Provided records section start

(* Let $k \in \mathbb{N}$ and let $\xi, \varepsilon, \varepsilon', d', d$ be positive constants such that $0 < \xi \ll 1/k \ll \varepsilon \ll \varepsilon' \ll d' \ll d \ll 1$. Suppose $G$ is a graph on $n$ vertices, $A_1, B_1, A_2, B_2, \dots, A_k, B_k$ is a partition of $V(G)$ such that $|A_i|, |B_i| \geq n/3k$ for all $1 \leq i \leq k$, and $R$ is an $(\varepsilon,d)$-reduced graph of $G$ on $A_1, B_1, \dots, A_k, B_k$. Let $(a_i)_{i=1}^k$ and $(b_i)_{i=1}^k$ be integers. Suppose that: (i) $R$ contains the Hamilton cycle $A_1 B_1 A_2 B_2 \dots A_k B_k A_1$; (ii) $R$ contains an edge $A_{i_1}A_{j_1}$ for some $i_1 \neq j_1$; (iii) $R$ contains an edge $B_{i_2}B_{j_2}$ for some $i_2 \neq j_2$; (iv) $(A_i, B_i)_G$ is $(\varepsilon,d)$-super-regular for all $1 \leq i \leq k$; (v) $|a_i|, |b_i| < \xi n$ for each $1 \leq i \leq k$; (vi) $\sum_{i=1}^k a_i + \sum_{i=1}^k b_i = 0$; (vii) $|\sum_{i=1}^k a_i| = |\sum_{i=1}^k b_i| \leq \xi n$. Then there exists a partition $A'_1, B'_1, \dots, A'_k, B'_k$ of $V(G)$ such that $|A'_i| = |A_i| + a_i$ and $|B'_i| = |B_i| + b_i$ for each $1 \leq i \leq k$, $R$ is an $(\varepsilon', d')$-reduced graph of $G$ on $A'_1, B'_1, \dots, A'_k, B'_k$, and $(A'_i, B'_i)_G$ is $(\varepsilon', d')$-super-regular for each $1 \leq i \leq k$.
   Context: The hierarchy $0 < \xi \ll 1/k \ll \varepsilon \ll \varepsilon' \ll d' \ll d \ll 1$ means the constants are chosen from right to left, each sufficiently small relative to the previously chosen ones. For disjoint $A, B \subseteq V(G)$, $(A,B)_G$ is the bipartite subgraph of $G$ with classes $A, B$ and all edges of $G$ between them; its density is $d(A,B) = e(A,B)/(|A||B|)$. $(A,B)_G$ is $(\varepsilon,d)$-regular if $d(A,B) \geq d$ and $|d(A,B) - d(X,Y)| < \varepsilon$ for all $X \subseteq A$, $Y \subseteq B$ with $|X| \geq \varepsilon|A|$, $|Y| \geq \varepsilon|B|$; it is $(\varepsilon,d)$-super-regular if moreover every vertex of $A$ has at least $d|B|$ neighbours in $B$ and every vertex of $B$ has at least $d|A|$ neighbours in $A$. Given a partition $V_1, \dots, V_m$ of $V(G)$, a graph $R$ is an $(\varepsilon,d)$-reduced graph of $G$ on $V_1,\dots,V_m$ if $V(R) = \{V_1,\dots,V_m\}$ and $(V_i,V_j)_G$ is $(\varepsilon,d)$-regular whenever $V_iV_j \in E(R)$. If $V'_1,\dots,V'_m$ is another partition of $V(G)$, we say $R$ is an $(\varepsilon',d')$-reduced graph of $G$ on $V'_1,\dots,V'_m$ if $(V'_i,V'_j)_G$ is $(\varepsilon',d')$-regular whenever $V_iV_j \in E(R)$ (with $A'_i$ corresponding to $A_i$ and $B'_i$ to $B_i$). *)

From mathcomp Require Import all_boot all_order all_algebra.
From mathcomp Require Import reals.
Set Implicit Arguments. Unset Strict Implicit. Unset Printing Implicit Defensive.
Import Order.TTheory GRing.Theory Num.Theory.
Local Open Scope ring_scope.
(* Let $G=(U,V,E)$ be a path restricted ordered bipartite graph and let $v$ be any vertex of $G$. Let $T_r(v)$ be the subgraph formed by the union of all forward paths starting at $v$ whose vertices decrease in order (i.e., read from $v$, the $U$-vertices strictly decrease and the $V$-vertices strictly decrease). Then the subgraph of $G$ induced by the vertex set of $T_r(v)$ has exactly $N-1$ edges, where $N$ is the number of vertices of $T_r(v)$; i.e., this induced subgraph coincides with $T_r(v)$ and is a tree.
   Context: An ordered bipartite graph $G=(U,V,E)$ consists of disjoint finite sets $U,V$, each totally ordered, and $E\subseteq U\times V$. A forward path is a sequence $w_0,\dots,w_m$ of distinct vertices alternating between $U$ and $V$, consecutive ones adjacent, such that the $U$-vertices appear in strictly increasing order and the $V$-vertices appear in strictly increasing order along the sequence (or, read in reverse, both strictly decreasing). A back edge to a forward path $w_0,\dots,w_m$ (written in increasing direction) is an edge $\{w_0,x\}\in E$ with $x$ in the part not containing $w_0$ and $w_1<x\le M$, where $M$ is the largest vertex of the path in that part. $G$ is a path restricted ordered bipartite graph if no forward path has a back edge. *)

From mathcomp Require Import all_boot.
Set Implicit Arguments. Unset Strict Implicit. Unset Printing Implicit Defensive.

(* An ordered bipartite graph: U = 'I_m, V = 'I_n (with their natural orders,
   every finite totally ordered set being order-isomorphic to an ordinal),
   E : 'I_m -> 'I_n -> bool the edge relation E ⊆ U × V. *)
Section OBG.
Variables (m n : nat) (E : 'I_m -> 'I_n -> bool).

Definition vtx := ('I_m + 'I_n)%type.

Definition adj (x y : vtx) : bool :=
  match x, y with
  | inl u, inr w => E u w
  | inr w, inl u => E u w
  | _, _ => false
  end.

Definition getU (x : vtx) : option 'I_m := if x is inl u then Some u else None.
Definition getV (x : vtx) : option 'I_n := if x is inr w then Some w else None.

Definition incr_fpath (p : seq vtx) : bool :=
  match p with
  | [::] => false
  | w0 :: s =>
    [&& path adj w0 s, uniq p,
        sorted ltn (map (@nat_of_ord m) (pmap getU p)) &
        sorted ltn (map (@nat_of_ord n) (pmap getV p))]
  end.

Definition fpath (p : seq vtx) : bool := incr_fpath p || incr_fpath (rev p).

Definition has_back_edge (p : seq vtx) : Prop :=
  match p with
  | inl u :: inr b :: _ =>
      exists c : 'I_n, [/\ E u c, b < c & c <= \max_(w <- pmap getV p) (w : nat)]
  | inr b :: inl a :: _ =>
      exists c : 'I_m, [/\ E c b, a < c & c <= \max_(u <- pmap getU p) (u : nat)]
  | _ => False
  end.

Definition path_restricted : Prop :=
  forall p : seq vtx, incr_fpath p -> ~ has_back_edge p.

Definition dec_fpath (v : vtx) (s : seq vtx) : bool := incr_fpath (rev (v :: s)).

Definition in_Tr (v x : vtx) : Prop :=
  exists s : seq vtx, dec_fpath v s /\ x \in v :: s.

Definition induced_edges (S : {set vtx}) : nat :=
  #|[set e : 'I_m * 'I_n | [&& E e.1 e.2, inl e.1 \in S & inr e.2 \in S]]|.

End OBG.

From mathcomp Require Import all_boot.
Set Implicit Arguments. Unset Strict Implicit. Unset Printing Implicit Defensive.

(* A vertex x <> v of T_r(v) has a parent: the vertex following x on an
   increasing forward path from x to v.  Path restriction pins the parent down
   as the largest neighbour of x in T_r(v): for a larger neighbour q, either q
   lies on the side of v and its own path to v contradicts the order, or that
   path enters v from a vertex d >= q which extends the path of x, and then
   {x, q} is a back edge.  So parents are unique, no two vertices are each
   other's parent, and every edge of the induced subgraph joins a vertex to its
   parent; sending each edge to its child endpoint is a bijection onto
   T_r(v) minus v. *)

Lemma pairwise_pmap (aT rT : Type) (f : aT -> option rT) (r : rel rT) s :
  pairwise r (pmap f s) =
  pairwise [rel x y | oapp (fun a => oapp (r a) true (f y)) true (f x)] s.
Proof.
elim: s => //= x s IH; case fx: (f x) => [a|] /=; rewrite IH.
  by rewrite all_pmap; congr (_ && _); apply: eq_all => y /=; rewrite fx.
by rewrite (@eq_all _ _ predT) ?all_predT // => y /=; rewrite fx.
Qed.

Section Vertices.
Variables m n : nat.
Implicit Types x y z : vtx m n.

Definition inU x : bool := if x is inl _ then true else false.
Definition pos x : nat := match x with inl u => u | inr w => w end.

Definition prec x y : bool := (inU x == inU y) ==> (pos x < pos y).

Lemma vtx_inj x y : inU x = inU y -> pos x = pos y -> x = y.
Proof. by case: x y => [?|?] [?|?] //= _ /val_inj ->. Qed.

Lemma sorted_getU s :
  sorted ltn (map val (pmap (@getU m n) s)) =
  pairwise [rel x y | inU x && inU y ==> (pos x < pos y)] s.
Proof.
rewrite sorted_pairwise; last exact: ltn_trans.
by rewrite pairwise_map pairwise_pmap; apply: eq_pairwise => -[?|?] [?|?].
Qed.

Lemma sorted_getV s :
  sorted ltn (map val (pmap (@getV m n) s)) =
  pairwise [rel x y | ~~ inU x && ~~ inU y ==> (pos x < pos y)] s.
Proof.
rewrite sorted_pairwise; last exact: ltn_trans.
by rewrite pairwise_map pairwise_pmap; apply: eq_pairwise => -[?|?] [?|?].
Qed.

Provided records section end

* Exercise description
From the line holding "Section Vertices." to the last line of the data above, copy every line exactly and include nothing more.

* Expected answer
Section Vertices.
Variables m n : nat.
Implicit Types x y z : vtx m n.

Definition inU x : bool := if x is inl _ then true else false.
Definition pos x : nat := match x with inl u => u | inr w => w end.

Definition prec x y : bool := (inU x == inU y) ==> (pos x < pos y).

Lemma vtx_inj x y : inU x = inU y -> pos x = pos y -> x = y.
Proof. by case: x y => [?|?] [?|?] //= _ /val_inj ->. Qed.

Lemma sorted_getU s :
  sorted ltn (map val (pmap (@getU m n) s)) =
  pairwise [rel x y | inU x && inU y ==> (pos x < pos y)] s.
Proof.
rewrite sorted_pairwise; last exact: ltn_trans.
by rewrite pairwise_map pairwise_pmap; apply: eq_pairwise => -[?|?] [?|?].
Qed.

Lemma sorted_getV s :
  sorted ltn (map val (pmap (@getV m n) s)) =
  pairwise [rel x y | ~~ inU x && ~~ inU y ==> (pos x < pos y)] s.
Proof.
rewrite sorted_pairwise; last exact: ltn_trans.
by rewrite pairwise_map pairwise_pmap; apply: eq_pairwise => -[?|?] [?|?].
Qed.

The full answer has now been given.